BELGRADO Inizialmente voci diffuse, poi le prime conferme a cui ne seguono altre, sempre più autorevoli. Che corroborano lo scenario di un Paese balcanico - la Serbia, che aspira all’ingresso nella Ue - che oltre a essersi rifiutato di imporre sanzioni contro la Russia sarebbe diventato una “piattaforma” per aggirarle, rifornendo Mosca anche di beni utili allo sforzo bellico.

È quanto ha sostenuto un’inchiesta di Radio Slobodna Evropa (Rse), che analizzando i database sul commercio estero e sulle esportazioni ha rilevato che una serie di aziende con sede in Serbia hanno inviato in Russia, a partire dal febbraio del 2022, prodotti sotto sanzioni occidentali per un valore di almeno 70 milioni di dollari. E non si tratta di prodotti di uso comune, ma di equipaggiamenti classificati come «alta priorità» in merito alle sanzioni sia da Bruxelles sia da Washington, proprio perché utilizzabili anche per fini militari. Si tratta di tecnologia cosiddetta “dual use”, ossia dal possibile doppio uso, sia per attività economiche civili sia belliche.

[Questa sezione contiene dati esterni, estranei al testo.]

Lemma ordS_ordS_neq (a : 'I_3) : ordS (ordS a) != a.
Proof. by case: a => [[|[|[|]]]]. Qed.

Lemma rainbow_connected_walk4 (T : finType) (e : rel T) (chi : T -> T -> colour)
    (P : pred colour) u q1 x q2 v :
  irreflexive e -> e u q1 -> e q1 x -> e x q2 -> e q2 v ->
  u != x -> v != x -> q1 != q2 ->
  uniq [:: chi u q1; chi q1 x; chi x q2; chi q2 v] ->
  all P [:: chi u q1; chi q1 x; chi x q2; chi q2 v] ->
  rainbow_connected_in e chi P u v.
Proof.
move=> e_irr e1 e2 e3 e4 ux vx q12 rainbow allP.
have edge_neq a b : e a b -> a != b by apply: contraTneq => ->; rewrite e_irr.
have [<-|uv] := eqVneq u v; first by exists [::]; rewrite /= eqxx.
have [q1v|q1v] := eqVneq q1 v.
  by exists [:: q1]; move: allP; rewrite /= -q1v e1 eqxx inE edge_neq //= => /andP [->].
have [q2u|q2u] := eqVneq q2 u.
  by exists [:: v]; move: allP; rewrite /= -q2u e4 eqxx inE edge_neq //= => /and4P [_ _ _ ->].
exists [:: q1; x; q2; v]; move: rainbow allP; rewrite /= e1 e2 e3 e4 eqxx => -> ->.
rewrite !inE !andbT (negbTE ux) (negbTE uv) (negbTE q12) (negbTE q1v).
rewrite (negbTE (edge_neq _ _ e1)) (negbTE (edge_neq _ _ e2)) (negbTE (edge_neq _ _ e3)).
by rewrite (eq_sym u q2) (negbTE q2u) (eq_sym x v) (negbTE vx) (edge_neq _ _ e4).
Qed.

(* A label [l] names the family ([l.1 = false] for a, [true] for b) and one of two
   indices; [link] selects the shade used between consecutive levels. *)
Definition tint (link : bool) (l : bool * bool) : colour :=
  inord (4 * l.1 + 2 * link + l.2).

Lemma tint_a_colour link i : is_a_colour (tint link (false, i)).
Proof. by rewrite /is_a_colour /= (@inordK 7); case: link; case: i. Qed.

Lemma tint_b_colour link i : is_b_colour (tint link (true, i)).
Proof. by rewrite /is_b_colour /= (@inordK 7); case: link; case: i. Qed.

Lemma tint_uniq b :
  uniq [:: tint true (b, false); tint false (b, false);
           tint false (b, true); tint true (b, true)].
Proof. by rewrite -(map_inj_uniq val_inj) /= !(@inordK 7); case: b. Qed.

Section Construction.

Variables (T : finType) (e : rel T).
Hypotheses (e_sym : symmetric e) (e_irr : irreflexive e).
Variables (s : nat) (X : {set T}).
Hypothesis X_max : maxset (codegree_sparse e s) X.

Definition centre (p : T) : T := odflt p [pick x in X | s <= codegree e p x].

Lemma centre_spec p : p \notin X -> centre p \in X /\ s <= codegree e p (centre p).
Proof.
move=> Xp; rewrite /centre; case: pickP => [x /andP [] //| no_centre] /=.
suff /(maxsetsup X_max) /(_ (subsetUr _ _)) grown : codegree_sparse e s (p |: X).
  by move: Xp; rewrite -grown setU11.
have /codegree_sparseP sparseX := maxsetp X_max.
apply/codegree_sparseP => a b /setU1P [-> | Xa] /setU1P [-> | Xb] ab.
- by rewrite eqxx in ab.
- by move: (no_centre b); rewrite /= Xb /= => /negbT; rewrite -ltnNge.
- by move: (no_centre a); rewrite /= Xa /codegree setIC /= => /negbT; rewrite -ltnNge.
- exact: sparseX.
Qed.

Definition shared_nbhd (p : T) : {set T} := (nbhd e p :&: nbhd e (centre p)) :\: X.

Lemma card_shared_nbhd p : p \notin X -> s - #|X| <= #|shared_nbhd p|.
Proof.
move=> Xp; have [_ codeg_p] := centre_spec Xp.
have := subset_leq_card (subsetIr (nbhd e p :&: nbhd e (centre p)) X).
by rewrite cardsD; move: codeg_p; rewrite /codegree; lia.
Qed.

Variable h : T -> 'I_3 * (bool * bool).
Hypothesis h_hits :
  {in [pred p | p \notin X], forall p c, exists2 q, q \in shared_nbhd p & h q = c}.

Lemma next_level_neighbour p l : p \notin X ->
  exists q, [/\ e p q, e (centre p) q, q \notin X, (h q).1 = ordS (h p).1 & (h q).2 = l].
Proof.
move=> Xp; have [q] := h_hits Xp (ordS (h p).1, l).
by rewrite !inE => /andP [Xq /andP [epq ecq]] hq; exists q; rewrite hq.
Qed.

(* The [ord0] branches are junk: edges inside X or between non-consecutive levels
   are never used. *)
Definition chi (p q : T) : colour :=
  if p \in X then (if q \in X then ord0 else tint false (h q).2)
  else if q \in X then tint false (h p).2
  else if (h q).1 == ordS (h p).1 then tint true (h q).2
  else if (h p).1 == ordS (h q).1 then tint true (h p).2
  else ord0.

Lemma chi_sym : edge_colouring chi.
Proof.
move=> p q; rewrite /chi; case: (p \in X); case: (q \in X) => //.
case: eqP => [up | _]; case: eqP => [down | _] //.
by have := ordS_ordS_neq (h p).1; rewrite -up -down eqxx.
Qed.

Lemma chi_spoke x q : x \in X -> q \notin X -> chi x q = tint false (h q).2.
Proof. by move=> Xx Xq; rewrite /chi Xx (negbTE Xq). Qed.

Lemma chi_link p q : p \notin X -> q \notin X -> (h q).1 = ordS (h p).1 ->
  chi p q = tint true (h q).2.
Proof. by move=> Xp Xq up; rewrite /chi (negbTE Xp) (negbTE Xq) up eqxx. Qed.

Definition cluster (p : T) : T * bool :=
  if p \in X then (p, true) else (centre p, false).

Lemma card_cluster_partition : #|preim_partition cluster [set: T]| <= 2 * #|X|.
Proof.
apply: (leq_trans (card_preim_partition _ _)).
rewrite mulnC -card_bool -cardsT -cardsX.
apply/subset_leq_card/subsetP => _ /imsetP [p _ ->].
rewrite /cluster; case: ifP => Xp; rewrite inE /= ?Xp ?inE //.
by have [-> _] := centre_spec (negbT Xp).
Qed.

Nella lista delle imprese sospette redatta da Rse se ne trova una specializzata negli anni passati in componentistica per auto e trattori, ma che dal 2022 avrebbe registrato un vero boom nell’export, verso Mosca, riciclandosi nel settore della tecnologia, in particolare microchip, processori e cavi digitali, un business che ha portato all’esplosione dei profitti dell’azienda l’anno scorso. Peccato, ha ricordato Radio Europa Libera, che i prodotti in questione siano tutti sottoposti a sanzioni occidentali, perché utilizzati e utilizzabili anche in armamenti usati contro l’Ucraina dall’esercito russo.

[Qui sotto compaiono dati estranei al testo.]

Lemma scaled_int_basis_of_free :
  distinct_hyperplanes (forms_in rat alpha) ->
  free_with_exponents (forms_in rat alpha) m e ->
  exists2 N, (0 < N)%N & exists Th, scaled_int_basis N Th.
Proof.
move=> dh [th [th_D th_hom th_span th_indep]].
have [c c_unit det_eq] := (saito_criterion dh th_D).1 (conj th_span th_indep).
have [c' cc'] := unitrPr c_unit.
have [q q_eq] := fin_all_exists (fun k => fin_all_exists (th_D k)).
have [N1 N1_gt0 th_int] :=
  exists_common_integral_multiple (fun kj : 'I_l * 'I_l => th kj.1 kj.2).
have [N2 N2_gt0 q_int] :=
  exists_common_integral_multiple (fun ki : 'I_l * 'I_n => q ki.1 ki.2).
have [N3 N3_gt0 c_int] :=
  exists_common_integral_multiple (fun b : bool => if b then c else c').
pose N := (N1 * N2 * N3)%N.
have [Th Th_eq] := fin_all_exists (fun kj =>
  integral_multiple_dvd (dvdn_mulr N3 (dvdn_mulr N2 (dvdnn N1))) (th_int kj)).
have [Q Q_eq] := fin_all_exists (fun ki =>
  integral_multiple_dvd (dvdn_mulr N3 (dvdn_mull N1 (dvdnn N2))) (q_int ki)).
have [C C_eq] := fin_all_exists (fun b =>
  integral_multiple_dvd (dvdn_mull (N1 * N2) (dvdnn N3)) (c_int b)).
exists N; first by rewrite !muln_gt0 N1_gt0 N2_gt0 N3_gt0.
exists (fun k j => Th (k, j)); split.
- move=> k j mo /(integral_multiple_mcoeff_neq0 (Th_eq (k, j))).
  by rewrite -mcoeff_msupp; apply: th_hom.
- move=> k i; exists (Q (k, i)); apply: mapZ_rat_inj.
  rewrite map_dapplyZ rmorphM rmorphXn /= map_lformZ Q_eq /=.
  have -> : dapply (fun j => mapZ rat (Th (k, j))) (fun j => (alpha i j)%:~R) =
      dapply (fun j => N%:R * th k j) (forms_in rat alpha i).
    by apply: eq_bigr => j _; rewrite Th_eq.
  by rewrite dapplyMl q_eq mulrCA.
- exists (C true), (C false); split; apply: mapZ_rat_inj.
    by rewrite rmorphM rmorphXn rmorph_nat /= !C_eq /= mulrACA cc' mulr1 expr2.
  rewrite rmorphM [RHS]rmorphM [in RHS]rmorphM rmorphXn !rmorph_nat /=.
  rewrite map_defpolyZ C_eq /= -det_map_mx.
  have -> : map_mx (mapZ rat) (\matrix_(k, j) Th (k, j)) = N%:R *: coef_mx th.
    by apply/matrixP => k j; rewrite !mxE Th_eq.
  by rewrite detZ det_eq mulrCA [N%:R * _]mulrCA -mulrA.
Qed.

A rendere ancora più pesante il quadro, il fatto che i compratori russi dei prodotti dell’azienda serba siano imprese come quelal che, colpita da misure punitive Usa, avrebbe comunque ricevuto via Serbia anche merce «made in Occidente». Rse ha individuato almeno un’altra società serba che solo dall’ottobre 2022 al luglio di quest’anno ha esportato in Russia prodotti ad alta tecnologia nel mirino di Ue e Usa per un valore di 18 milioni di dollari.

E sarebbe solo la punta di un iceberg. Già nei mesi scorsi era emersa un’altra misteriosa azienda serba che avrebbe esportato materiali vietati da Ue e Usa in Russia invece che frutta e verdura, mentre a giugno il Dipartimento di Stato americano si era mosso sanzionando un’altra ditta con sede a Belgrado, la Mci Trading, accusata di fungere da intermediaria nelle complesse triangolazioni praticate per far arrivare materiali hi-tech occidentali in Russia.

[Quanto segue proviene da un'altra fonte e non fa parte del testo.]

(* Let $A\ge\chi^2\rho^2$ and $\Delta t>0$. Let $(\phi^k)_{k\ge0}\subset\mathcal{C}_{\rm per}$ be grid functions with $0<\phi^k_{i,j}<1/\rho$ for all $k,i,j$, such that $\phi^1=\phi^0$ and, for every $k\ge1$, $\phi^{k+1}$ together with some $\mu^{k+1}\in\mathcal{C}_{\rm per}$ satisfies $$\frac{3\phi^{k+1}-4\phi^k+\phi^{k-1}}{2\Delta t}=\Delta_h\mu^{k+1},$$ $$\mu^{k+1}=S'(\phi^{k+1})+\kappa'(\phi^{k+1})\big(a_x((D_x\phi^{k+1})^2)+a_y((D_y\phi^{k+1})^2)\big)-2d_x(A_x\kappa(\phi^{k+1})D_x\phi^{k+1})-2d_y(A_y\kappa(\phi^{k+1})D_y\phi^{k+1})+H'(2\phi^k-\phi^{k-1})-A\Delta t\,\Delta_h(\phi^{k+1}-\phi^k).$$ For $n\ge1$ define the modified discrete energy $$E_h(\phi^{n+1},\phi^n):=F(\phi^{n+1})+\frac{1}{4\Delta t}\|\phi^{n+1}-\phi^n\|_{-1,h}^2+\chi\rho\|\phi^{n+1}-\phi^n\|_2^2.$$ Then for every $n\ge1$, $$E_h(\phi^{n+1},\phi^n)+\Delta t\Big(1-\frac{\chi^2\rho^2}{A}\Big)\Big\|\frac{\phi^{n+1}-\phi^n}{\Delta t}\Big\|_{-1,h}^2\le E_h(\phi^n,\phi^{n-1}).$$
   Context: Parameters: $N_1,N_2,\chi>0$, $\alpha=\pi(\sqrt{N_2/\pi}+N_1/2)^2$, $\beta=\alpha/\sqrt{\pi N_2}$, $\tau=\sqrt{\pi N_2}N_1$, $\rho=1+N_2/\tau$. $S(\phi)=\frac{\phi}{\tau}\ln\frac{\alpha\phi}{\tau}+\frac{\phi}{N_1}\ln\frac{\beta\phi}{\tau}+(1-\rho\phi)\ln(1-\rho\phi)$, $S'(\phi)=(\frac1\tau+\frac1{N_1})\ln\phi-\rho\ln(1-\rho\phi)$ (additive constants omitted), $H(\phi)=\chi\phi(1-\rho\phi)$, $H'(\phi)=-2\chi\rho\phi$, $\kappa(\phi)=\frac1{36\phi(1-\phi)}$, $\kappa'(\phi)=\frac{2\phi-1}{36\phi^2(1-\phi)^2}$. Grid: $\Omega=(0,L)^2$, $h=L/N$, $\mathcal{C}_{\rm per}$ = $N$-periodic cell-centered grid functions. $D_x\nu_{i+1/2,j}=(\nu_{i+1,j}-\nu_{i,j})/h$, $A_x\nu_{i+1/2,j}=(\nu_{i+1,j}+\nu_{i,j})/2$; for edge functions $a_xf_{i,j}=(f_{i+1/2,j}+f_{i-1/2,j})/2$, $d_xf_{i,j}=(f_{i+1/2,j}-f_{i-1/2,j})/h$; analogously in $y$; $\Delta_h=d_xD_x+d_yD_y$. Inner product $(\nu,\xi)=h^2\sum_{i,j=1}^N\nu_{i,j}\xi_{i,j}$, $\|\nu\|_2^2=(\nu,\nu)$. For $\nu$ with zero mean, $\|\nu\|_{-1,h}^2=(\nu,(-\Delta_h)^{-1}\nu)$, with $(-\Delta_h)^{-1}\nu$ the unique zero-mean solution $\psi$ of $-\Delta_h\psi=\nu$. Discrete energy $F(\phi)=h^2\sum_{i,j=1}^N\big(S(\phi_{i,j})+H(\phi_{i,j})+\kappa(\phi_{i,j})(a_x((D_x\phi)^2)_{i,j}+a_y((D_y\phi)^2)_{i,j})\big)$. (The scheme conserves mass, so $\phi^{n+1}-\phi^n$ has zero mean.) *)

From HB Require Import structures.
From mathcomp Require Import all_boot all_order all_algebra.
From mathcomp Require Import all_classical all_reals.
From mathcomp Require Import exp trigo.
From Stdlib Require Import ClassicalEpsilon.
Set Implicit Arguments. Unset Strict Implicit. Unset Printing Implicit Defensive.
Import Order.TTheory GRing.Theory Num.Theory.
Local Open Scope ring_scope.

Section Grid.
Variable R : realType.

(* N-periodic cell-centered grid functions on (0,L)^2: values at cells (i,j),
   i,j in 'I_N (0-based); periodicity via cyclic successor/predecessor. *)
Definition grid (N : nat) := 'I_N -> 'I_N -> R.

Variables (N : nat) (L : R).
Definition hh : R := L / N%:R.

(* Edge functions: value at edge (i+1/2, j) stored at index (i, j) (x-edges),
   value at edge (i, j+1/2) stored at index (i, j) (y-edges). *)
Definition Dx (v : grid N) : grid N := fun i j => (v (ordS i) j - v i j) / hh.
Definition Dy (v : grid N) : grid N := fun i j => (v i (ordS j) - v i j) / hh.
Definition Ax (v : grid N) : grid N := fun i j => (v (ordS i) j + v i j) / 2.
Definition Ay (v : grid N) : grid N := fun i j => (v i (ordS j) + v i j) / 2.
Definition ax (f : grid N) : grid N := fun i j => (f i j + f (ord_pred i) j) / 2.
Definition ay (f : grid N) : grid N := fun i j => (f i j + f i (ord_pred j)) / 2.
Definition dx (f : grid N) : grid N := fun i j => (f i j - f (ord_pred i) j) / hh.
Definition dy (f : grid N) : grid N := fun i j => (f i j - f i (ord_pred j)) / hh.
Definition lap (v : grid N) : grid N := fun i j => dx (Dx v) i j + dy (Dy v) i j.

L’iceberg potrebbe essere ben più imponente di quanto si immagini, anche per la forte presenza di russi in Serbia. Secondo uno degli studi più approfonditi sul tema, «Cash is King», del Center for the Study of Democracy (Csd), sono più di 5mila le imprese registrate da cittadini russi in Serbia che offrono «terreno fertile» non solo per «riciclaggio di denaro», ma anche per «aggirare le sanzioni» internazionali contro Mosca. Non ci sarebbe però solo la Serbia fra i possibili buchi neri. Secondo lo studio l’Ue avrebbe individuato in «Emirati Arabi, Turchia, Armenia, Georgia, Kazakistan, Kirgizistan» e «i Balcani» le rotte «per aggirare» le sanzioni.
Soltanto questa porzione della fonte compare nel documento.